The split between regulated and unregulated work on our Manchester book runs roughly eighteen per cent regulated, eighty-two per cent unregulated. The regulated portion sits mostly in chain-break cases for owner-occupiers across M20 Didsbury, M21 Chorlton, the M20 Withington Park edge and the leafier streets of West Didsbury, with a smaller share of downsizer cases where a homeowner is buying onward before completing the sale of a larger family home. The unregulated portion covers the investor and developer book in full. We are not directly authorised by the Financial Conduct Authority. Regulated bridging on owner-occupied residential property is regulated by the Financial Conduct Authority, and we introduce regulated cases to authorised partner firms who carry out the regulated activity and provide any required advice. We do not give advice on regulated mortgages, regulated bridging or investment products.

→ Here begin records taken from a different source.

(* Let $P,\tilde P\in\mathbb{R}^{n\times m}$ with $\mathrm{rank}(P)=n$, and let $\Omega=c+G\mathbf{B}_p$ with $c\in\mathbb{R}^m$, $G\in\mathbb{R}^{m\times p}$, $\mathrm{rank}(G)=m$. Assume $\|(\tilde P-P)c\|\le\|PG\|_l$. Then $\tilde P(c+\alpha G\mathbf{B}_p)\subseteq P\Omega$ for every $\alpha\in[0,\alpha_m]$, where $$\alpha_m=\frac{\|PG\|_l-\|(\tilde P-P)c\|}{\|PG\|_l+\|(\tilde P-P)G\|}.$$
   Context: A norm $\|\cdot\|$ is fixed on each $\mathbb{R}^k$; $\mathbf{B}_k$ is its closed unit ball, and matrices carry the induced operator norms $\|M\|=\sup_{\|x\|\le1}\|Mx\|$. For $M\in\mathbb{R}^{n\times m}\setminus\{0\}$ the matrix lower bound is $\|M\|_l=\max\{\mu\in\mathbb{R}:\ \forall y\in\mathrm{col}(M)\ \exists x\in\mathbb{R}^m \text{ with } Mx=y \text{ and } \mu\|x\|\le\|y\|\}$, where $\mathrm{col}(M)$ is the column space. Minkowski sums and images of sets under matrices are used. *)

From HB Require Import structures.
From mathcomp Require Import all_boot all_order all_algebra.
From mathcomp Require Import boolp classical_sets reals.
Set Implicit Arguments. Unset Strict Implicit. Unset Printing Implicit Defensive.
Import Order.TTheory GRing.Theory Num.Theory.
Local Open Scope ring_scope.
Local Open Scope classical_set_scope.

Section Defs.
Variable R : realType.

Definition is_norm (k : nat) (N : 'cV[R]_k -> R) : Prop :=
  [/\ forall x y, N (x + y) <= N x + N y,
      forall (a : R) x, N (a *: x) = `|a| * N x
    & forall x, N x = 0 -> x = 0].

Definition norm_family (nrm : forall k, 'cV[R]_k -> R) : Prop :=
  forall k, is_norm (nrm k).

Local Unset Implicit Arguments.
Variable nrm : forall k, 'cV[R]_k -> R.
Local Set Implicit Arguments.

Definition unit_ball (k : nat) : set 'cV[R]_k := [set x | nrm k x <= 1].

Definition opnorm (n m : nat) (M : 'M[R]_(n, m)) : R :=
  sup [set nrm n (M *m x) | x in @unit_ball m].

Definition lb_set (n m : nat) (M : 'M[R]_(n, m)) : set R :=
  [set mu | forall y : 'cV[R]_n, (exists z, M *m z = y) ->
              exists x : 'cV[R]_m, M *m x = y /\ mu * nrm m x <= nrm n y].

(* matrix lower bound ||M||_l = max (lb_set M); the max exists for M <> 0,
   so it coincides with the supremum *)
Definition mx_lbound (n m : nat) (M : 'M[R]_(n, m)) : R := sup (lb_set M).

Definition msum (k : nat) (A B : set 'cV[R]_k) : set 'cV[R]_k :=
  [set a + b | a in A & b in B].
Definition sscale (k : nat) (a : R) (A : set 'cV[R]_k) : set 'cV[R]_k :=
  [set a *: x | x in A].
Definition mx_img (n m : nat) (M : 'M[R]_(n, m)) (A : set 'cV[R]_m)
  : set 'cV[R]_n := [set M *m x | x in A].

End Defs.
Arguments unit_ball {R} nrm k.

(* A point of Pt (c + alpha G B) is Pt c + alpha Pt G b = P (c + alpha G b) + w with
   w = (Pt - P) c + alpha (Pt - P) G b, so ||w|| <= ||(Pt - P) c|| + alpha ||(Pt - P) G||.
   Since P and G have full row rank, P G is onto, and its lower bound L is attained: a
   minimal-norm preimage exists by compactness (all norms on R^p are equivalent), so
   w = P G z with L ||z|| <= ||w||.  The bound alpha <= alpha_m is exactly what makes
   ||z|| <= 1 - alpha, hence z + alpha b lies in the unit ball and
   Pt (c + alpha G b) = P (c + G (z + alpha b)). *)
From HB Require Import structures.
From mathcomp Require Import all_boot all_order all_algebra.
From mathcomp Require Import all_classical all_reals topology normedtype derive.
From mathcomp Require Import lra.
Set Implicit Arguments. Unset Strict Implicit. Unset Printing Implicit Defensive.
Import Order.TTheory GRing.Theory Num.Theory.
Import numFieldNormedType.Exports.
Local Open Scope ring_scope.
Local Open Scope classical_set_scope.

Section NormFunction.
Variables (R : realType) (k : nat) (N : 'cV[R]_k -> R).
Hypothesis N_norm : is_norm N.

Lemma normf0 : N 0 = 0.
Proof. by case: N_norm => _ NZ _; rewrite -(scale0r 0) NZ normr0 mul0r. Qed.

Lemma normfN x : N (- x) = N x.
Proof. by case: N_norm => _ NZ _; rewrite -scaleN1r NZ normrN normr1 mul1r. Qed.

Lemma normf_ge0 x : 0 <= N x.
Proof.
case: N_norm => ND _ _; have := ND x (- x).
by rewrite subrr normf0 normfN -mulr2n pmulrn_lge0.
Qed.

Lemma normf_gt0 x : x != 0 -> 0 < N x.
Proof.
case: N_norm => _ _ N_eq0 x_neq0; rewrite lt_def normf_ge0 andbT.
by apply: contra x_neq0 => /eqP/N_eq0 ->.
Qed.

Lemma ler_dist_normf x y : `|N x - N y| <= N (x - y).
Proof.
case: N_norm => ND _ _; rewrite ler_norml; apply/andP; split.
  by have := ND (y - x) x; rewrite subrK -opprB normfN; lra.
by have := ND (x - y) y; rewrite subrK; lra.
Qed.

Lemma ger0_normfZ (a : R) x : 0 <= a -> N (a *: x) = a * N x.
Proof. by case: N_norm => _ NZ _ a_ge0; rewrite NZ ger0_norm. Qed.

Lemma ler_normf_sum (I : Type) (r : seq I) (F : I -> 'cV[R]_k) :
  N (\sum_(i <- r) F i) <= \sum_(i <- r) N (F i).
Proof.
case: N_norm => ND _ _; elim/big_rec2: _ => [|i y1 y2 _ IH]; first by rewrite normf0.
by apply: le_trans (ND _ _) _; rewrite lerD2l.
Qed.

Lemma normf_mulmx_le (q : nat) (M : 'M[R]_(k, q)) (x : 'cV[R]_q) (b : R) :
  (forall j, `|x j 0| <= b) -> N (M *m x) <= b * \sum_j N (col j M).
Proof.
case: N_norm => _ NZ _ x_le.
have -> : M *m x = \sum_j x j 0 *: col j M.
  apply/matrixP => i l; rewrite !mxE summxE; apply: eq_bigr => j _.
  by rewrite !mxE (ord1 l) mulrC.
apply: le_trans (ler_normf_sum _ _) _; rewrite mulr_sumr; apply: ler_sum => j _.
by rewrite NZ ler_wpM2r ?normf_ge0.
Qed.

End NormFunction.

Section FiniteDimensionalNorms.
Variable R : realType.

Lemma mx_norm_entry_le (m n : nat) (x : 'M[R]_(m, n)) i j : `|x i j| <= `|x|.
Proof.
by rewrite [leRHS]/Num.Def.normr /= mx_normrE; apply/bigmax_geP; right; exists (i, j).
Qed.

Lemma lipschitz_continuous (V : normedModType R) (K : R) (h : V -> R) :
  (forall u v, `|h u - h v| <= K * `|u - v|) -> continuous h.
Proof.
move=> h_lip x; apply/cvgrPdist_lt => e e_gt0.
have k_gt0 : 0 < `|K| + 1 by rewrite ltr_pwDr.
have := @cvgr_dist_lt _ _ _ (nbhs x) (nbhs_filter x) id x (@cvg_id _ (nbhs x)) _
  (divr_gt0 e_gt0 k_gt0).
apply: filterS => t; rewrite ltr_pdivlMr // => xt.
apply: le_lt_trans (h_lip x t) _.
by have := ler_norm K; have := normr_ge0 (x - t); nra.
Qed.

(* Vectors of R^q are handled through their transposes, the row vectors ['rV_q],
   on which the topology and compactness theory of the library is set up. *)
Lemma normf_mulmx_tr_le (k q : nat) (N : 'cV[R]_k -> R) (N_norm : is_norm N)
    (M : 'M[R]_(k, q)) (v : 'rV[R]_q) :
  N (M *m v^T) <= `|v| * \sum_j N (col j M).
Proof. by apply: normf_mulmx_le => // j; rewrite mxE mx_norm_entry_le. Qed.

Lemma continuous_normf_mulmx (k q : nat) (N : 'cV[R]_k -> R) (N_norm : is_norm N)
    (M : 'M[R]_(k, q)) (w : 'cV[R]_k) :
  continuous (fun v : 'rV[R]_q => N (M *m v^T - w)).
Proof.
apply: (@lipschitz_continuous _ (\sum_j N (col j M))) => u v.
apply: le_trans (ler_dist_normf N_norm _ _) _.
by rewrite opprB addrA subrK -mulmxBr -linearB mulrC normf_mulmx_tr_le.
Qed.

Lemma continuous_normf_tr (k : nat) (N : 'cV[R]_k -> R) (N_norm : is_norm N) :
  continuous (fun v : 'rV[R]_k => N v^T).
Proof.
have -> : (fun v : 'rV[R]_k => N v^T) = (fun v => N (1%:M *m v^T - 0)).
  by apply: funext => v; rewrite mul1mx subr0.
exact: continuous_normf_mulmx.
Qed.

Variables (n q : nat) (Nn : 'cV[R]_n -> R) (Nq : 'cV[R]_q -> R).
Hypotheses (Nn_norm : is_norm Nn) (Nq_norm : is_norm Nq).

(* Nq attains its minimum on the compact unit sphere of the max-norm. *)
Lemma mx_norm_le_normf : exists2 C, 0 < C & forall v : 'rV[R]_q, `|v| <= C * Nq v^T.
Proof.
case: q Nq Nq_norm => [|q'] N N_norm.
  by exists 1 => // v; rewrite thinmx0 normr0 mul1r normf_ge0.
pose S := [set v : 'rV[R]_q'.+1 | `|v| = 1].
have unit_scale (v : 'rV[R]_q'.+1) : v != 0 -> S (`|v|^-1 *: v).
  by move=> v_neq0; rewrite /S /= normrZ normfV normr_id mulVf ?normr_eq0.
have S_neq0 : S !=set0.
  exists (`|const_mx 1 : 'rV[R]_q'.+1|^-1 *: const_mx 1); apply: unit_scale.
  by apply/eqP => /matrixP/(_ 0 0); rewrite !mxE; apply/eqP; exact: oner_neq0.
have S_compact : compact S.
  apply: bounded_closed_compact.
    by exists 1; split => // M M_gt1 v Sv /=; rewrite Sv ltW.
  apply: (@preimage_closed _ _ (fun v : 'rV[R]_q'.+1 => `|v|) [set x | x = 1]).
    by move=> x _; exact: norm_continuous.
  exact: closed_eq.
have [v0 /set_mem Sv0 v0_min] :=
  compact_EVT_min S_neq0 S_compact (continuous_subspaceT (continuous_normf_tr N_norm)).
have v0_gt0 : 0 < N v0^T.
  apply: normf_gt0 => //; rewrite trmx_eq0; apply/eqP => v0_eq0.
  by move: Sv0; rewrite /S /= v0_eq0 normr0 => /eqP; rewrite eq_sym oner_eq0.
exists (N v0^T)^-1; first by rewrite invr_gt0.
move=> v; have [->|v_neq0] := eqVneq v 0.
  by rewrite normr0 mulr_ge0 ?normf_ge0 // invr_ge0 ltW.
have := v0_min _ (mem_set (unit_scale _ v_neq0)).
rewrite linearZ /= ger0_normfZ ?invr_ge0 ?normr_ge0 //.
by rewrite ler_pdivlMl ?normr_gt0 // => v0_le; rewrite ler_pdivlMl // mulrC.
Qed.

Lemma normf_mulmx_bounded (M : 'M[R]_(n, q)) :
  exists2 K, 0 <= K & forall x, Nn (M *m x) <= K * Nq x.
Proof.
have [C C_gt0 C_dom] := mx_norm_le_normf.
have S_ge0 : 0 <= \sum_j Nn (col j M).
  by apply: sumr_ge0 => j _; exact: normf_ge0 Nn_norm _.
exists (C * \sum_j Nn (col j M)) => [|x]; first exact: mulr_ge0 (ltW C_gt0) S_ge0.
rewrite -[x in M *m x]trmxK; apply: le_trans (normf_mulmx_tr_le Nn_norm _ _) _.
by rewrite mulrAC ler_wpM2r // -[x in Nq x]trmxK C_dom.
Qed.

Lemma exists_min_normf_solution (M : 'M[R]_(n, q)) (w : 'cV[R]_n) (z1 : 'cV[R]_q) :
  M *m z1 = w -> exists2 z0, M *m z0 = w & forall z, M *m z = w -> Nq z0 <= Nq z.
Proof.
move=> Mz1.
pose A := [set v : 'rV[R]_q | Nn (M *m v^T - w) = 0] `&` [set v | Nq v^T <= Nq z1].
have A_z1 : A z1^T by split; rewrite /= trmxK // Mz1 subrr normf0.
have A_compact : compact A.
  apply: bounded_closed_compact.
    have [C C_gt0 C_dom] := mx_norm_le_normf.
    exists (C * Nq z1); split.
      by rewrite ger0_real // mulr_ge0 ?(ltW C_gt0) ?(normf_ge0 Nq_norm).
    move=> r r_gt v [_ Av] /=; apply: le_trans (C_dom v) _.
    by apply/ltW/(le_lt_trans _ r_gt); rewrite ler_wpM2l // ltW.
  apply: closedI.
    apply: (@preimage_closed _ _ (fun v : 'rV[R]_q => Nn (M *m v^T - w)) [set x | x = 0]).
      by move=> v _; exact: continuous_normf_mulmx.
    exact: closed_eq.
  apply: (@preimage_closed _ _ (fun v : 'rV[R]_q => Nq v^T) [set x | x <= Nq z1]).
    by move=> v _; exact: continuous_normf_tr.
  exact: closed_le.
have [v0 /set_mem [Mv0 v0_le] v0_min] :=
  compact_EVT_min (ex_intro _ _ A_z1) A_compact
    (continuous_subspaceT (continuous_normf_tr Nq_norm)).
exists v0^T.
  by apply/eqP; rewrite -subr_eq0; apply/eqP; case: Nn_norm => _ _; apply.
move=> z Mz.
have [z_le|z_gt] := leP (Nq z) (Nq z1); last exact: le_trans v0_le (ltW z_gt).
by rewrite -[z]trmxK; apply/v0_min/mem_set; split; rewrite /= trmxK // Mz subrr normf0.
Qed.

End FiniteDimensionalNorms.

Section InducedBounds.
Variable R : realType.
Local Unset Implicit Arguments.
Variable nrm : forall k, 'cV[R]_k -> R.
Local Set Implicit Arguments.
Hypothesis nrm_norm : norm_family nrm.
Variables (n q : nat) (M : 'M[R]_(n, q)).

Lemma opnorm_ub x : nrm q x <= 1 -> nrm n (M *m x) <= opnorm nrm M.
Proof.
move=> x_le1; apply: sup_upper_bound; last by exists x.
split; first by exists (nrm n (M *m 0)), 0; rewrite // /unit_ball /= (normf0 (nrm_norm q)).
have [K K_ge0 MK] := normf_mulmx_bounded (nrm_norm n) (nrm_norm q) M.
by exists K => _ [x' x'_le1 <-]; apply: le_trans (MK x') _; rewrite ler_piMr.
Qed.

Lemma opnorm_ge0 : 0 <= opnorm nrm M.
Proof.
by have := @opnorm_ub 0; rewrite mulmx0 !normf0 //; apply.
Qed.

(* The supremum defining the lower bound is attained at a minimal-norm preimage. *)
Lemma mx_lbound_attained (y : 'cV[R]_n) (z : 'cV[R]_q) : M *m z = y ->
  exists2 x, M *m x = y & mx_lbound nrm M * nrm q x <= nrm n y.
Proof.
move=> Mz; have [x0 Mx0 x0_min] :=
  exists_min_normf_solution (nrm_norm n) (nrm_norm q) Mz.
exists x0 => //; have [x0_eq0|x0_neq0] := eqVneq x0 0.
  by rewrite x0_eq0 normf0 // mulr0 normf_ge0.
have x0_gt0 := normf_gt0 (nrm_norm q) x0_neq0.
rewrite -ler_pdivlMr //; apply: ge_sup.
  by exists 0 => y' [z' <-]; exists z'; split; rewrite // mul0r normf_ge0.
move=> mu mu_lb; have [x [Mx mux]] := mu_lb y (ex_intro _ z Mz).
have [mu_le0|mu_gt0] := leP mu 0.
  by apply: le_trans mu_le0 _; rewrite divr_ge0 ?normf_ge0.
by rewrite ler_pdivlMr //; apply: le_trans mux; rewrite ler_pM2l // x0_min.
Qed.

Lemma mx_lbound_preimage_le (y : 'cV[R]_n) (s : R) : (exists z, M *m z = y) ->
  0 <= s -> nrm n y <= mx_lbound nrm M * s -> exists2 x, M *m x = y & nrm q x <= s.
Proof.
move=> [z Mz] s_ge0 y_le; have [L_gt0|L_le0] := ltP 0 (mx_lbound nrm M).
  have [x Mx Lx] := mx_lbound_attained Mz.
  by exists x => //; rewrite -(ler_pM2l L_gt0); apply: le_trans Lx y_le.
have y_eq0 : y = 0.
  case: (nrm_norm n) => _ _; apply; apply/le_anti; rewrite normf_ge0 // andbT.
  by apply: le_trans y_le _; rewrite mulr_le0_ge0.
by exists 0; rewrite ?mulmx0 ?y_eq0 ?normf0.
Qed.

End InducedBounds.

(* This inequality is what the choice of alpha_m is made for; when L + K = 0,
   division by zero gives alpha_m = 0. *)
Lemma alpha_m_bound (R : realFieldType) (L a K alpha : R) :
  0 <= a -> a <= L -> 0 <= K -> 0 <= alpha -> alpha <= (L - a) / (L + K) ->
  alpha <= 1 /\ a + alpha * K <= L * (1 - alpha).
Proof.
move=> a_ge0 a_le K_ge0 alpha_ge0; have [LK_eq0|LK_neq0] := eqVneq (L + K) 0.
  rewrite LK_eq0 invr0 mulr0 => alpha_le0.
  have [L_eq0 K_eq0] : L = 0 /\ K = 0 by lra.
  by rewrite L_eq0 K_eq0 mulr0 mul0r; lra.
have LK_gt0 : 0 < L + K by rewrite lt_def LK_neq0 /=; lra.
by rewrite ler_pdivlMr // mulrDr => alpha_le; split; nra.
Qed.

Lemma mulmx_row_free_pinv (F : fieldType) (n m p : nat)
    (P : 'M[F]_(n, m)) (G : 'M[F]_(m, p)) :
  row_free P -> row_free G -> P *m G *m (pinvmx G *m pinvmx P) = 1%:M.
Proof.
move=> /mulmxVp PP' /mulmxVp GG'; move: (pinvmx P) (pinvmx G) PP' GG' => P' G' PP' GG'.
by rewrite mulmxA -(mulmxA P) GG' mulmx1 PP'.
Qed.

Theorem lemma6 (R : realType) (nrm : forall k, 'cV[R]_k -> R)
  (Hnrm : norm_family nrm) (n m p : nat)
  (P Pt : 'M[R]_(n, m)) (c : 'cV[R]_m) (G : 'M[R]_(m, p))
  (HP : \rank P = n) (HG : \rank G = m)
  (Hc : nrm n ((Pt - P) *m c) <= mx_lbound nrm (P *m G)) :
  let Omega := msum [set c] (mx_img G (unit_ball nrm p)) in
  let alpha_m := (mx_lbound nrm (P *m G) - nrm n ((Pt - P) *m c)) /
                 (mx_lbound nrm (P *m G) + opnorm nrm ((Pt - P) *m G)) in
  forall alpha : R, 0 <= alpha <= alpha_m ->
    mx_img Pt (msum [set c] (sscale alpha (mx_img G (unit_ball nrm p))))
      `<=` mx_img P Omega.
Proof.
move=> Omega alpha_m alpha /andP[alpha_ge0 alpha_le] _
  [_ [_ -> [_ [_ [b b_le1 <-] <-] <-]] <-].
set L := mx_lbound nrm (P *m G) in Hc alpha_le.
set a := nrm n ((Pt - P) *m c) in Hc alpha_le.
set K := opnorm nrm ((Pt - P) *m G) in alpha_le.
have K_ge0 : 0 <= K by exact: opnorm_ge0.
have [alpha_le1 aK_le] := alpha_m_bound (normf_ge0 (Hnrm n) _) Hc K_ge0 alpha_ge0 alpha_le.
set w := (Pt - P) *m c + alpha *: ((Pt - P) *m G *m b).
have w_le : nrm n w <= L * (1 - alpha).
  case: (Hnrm n) => ND _ _; apply: le_trans (ND _ _) (le_trans _ aK_le).
  by rewrite lerD2l ger0_normfZ // ler_wpM2l // opnorm_ub.
have [z PGz z_le] : exists2 z, P *m G *m z = w & nrm p z <= 1 - alpha.
  apply: (mx_lbound_preimage_le Hnrm) w_le; last by rewrite subr_ge0.
  exists (pinvmx G *m pinvmx P *m w).
  by rewrite mulmxA mulmx_row_free_pinv ?mul1mx // /row_free ?HP ?HG.
exists (c + G *m (z + alpha *: b)).
  exists c => //; exists (G *m (z + alpha *: b)) => //; exists (z + alpha *: b) => //.
  case: (Hnrm p) => ND _ _; apply: le_trans (ND _ _) _.
  have alpha_b_le : alpha * nrm p b <= alpha by rewrite ler_piMr.
  by rewrite ger0_normfZ //; lra.
rewrite !mulmxDr !mulmxA PGz /w !scalemxAr !mulmxA !mulmxBl.
move: (P *m c) (Pt *m c) (P *m G *m (alpha *: b)) (Pt *m G *m (alpha *: b)) => x1 x2 y1 y2.
by rewrite -(addrA (x2 - x1)) subrK addrA [x1 + _]addrC subrK.
Qed.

On timelines, the standard expectations apply. Indicative terms inside twenty-four hours of a complete enquiry. Full underwriting in three to five working days once the lender has the pack. Valuation in five to ten working days depending on the valuer's diary and the access situation at the property. Legal completion in five to ten working days after valuation, with auction cases pushed harder using title insurance where the seller's pack supports it. Total elapsed time from first call to drawdown sits between ten and twenty-one days on most cases. Auction cases run faster, with seven to fourteen days achievable where the pack is clean.
On fees, we are transparent. Lender arrangement fees typically run at 1.5% to 2.0% of the loan, added to the facility on most products. Valuation is payable on a case-by- case basis, with a typical residential valuation for a single Manchester flat or terrace at around £500 to £1,200. Legal costs sit at both borrower and lender side, typically £1,500 to £4,000 per side on standard cases. Exit fees are zero on most products. Broker fees, where charged, are disclosed in writing before any work starts.
How we work is simple. A short triage call to understand the deal, the security, the timeline and the proposed exit. A written summary of indicative terms inside twenty- four hours, identifying the two or three lenders best placed to fund the case. A packaged submission with a valuation booking and legal instruction ready to go on lender selection. Then steady, weekly progress until drawdown. We do not run drip-email funnels, we do not chase clients through aggressive call cycles, and we do not promise rates we cannot deliver. The Manchester bridging market rewards specific work done at speed. That is what we set the desk up to do.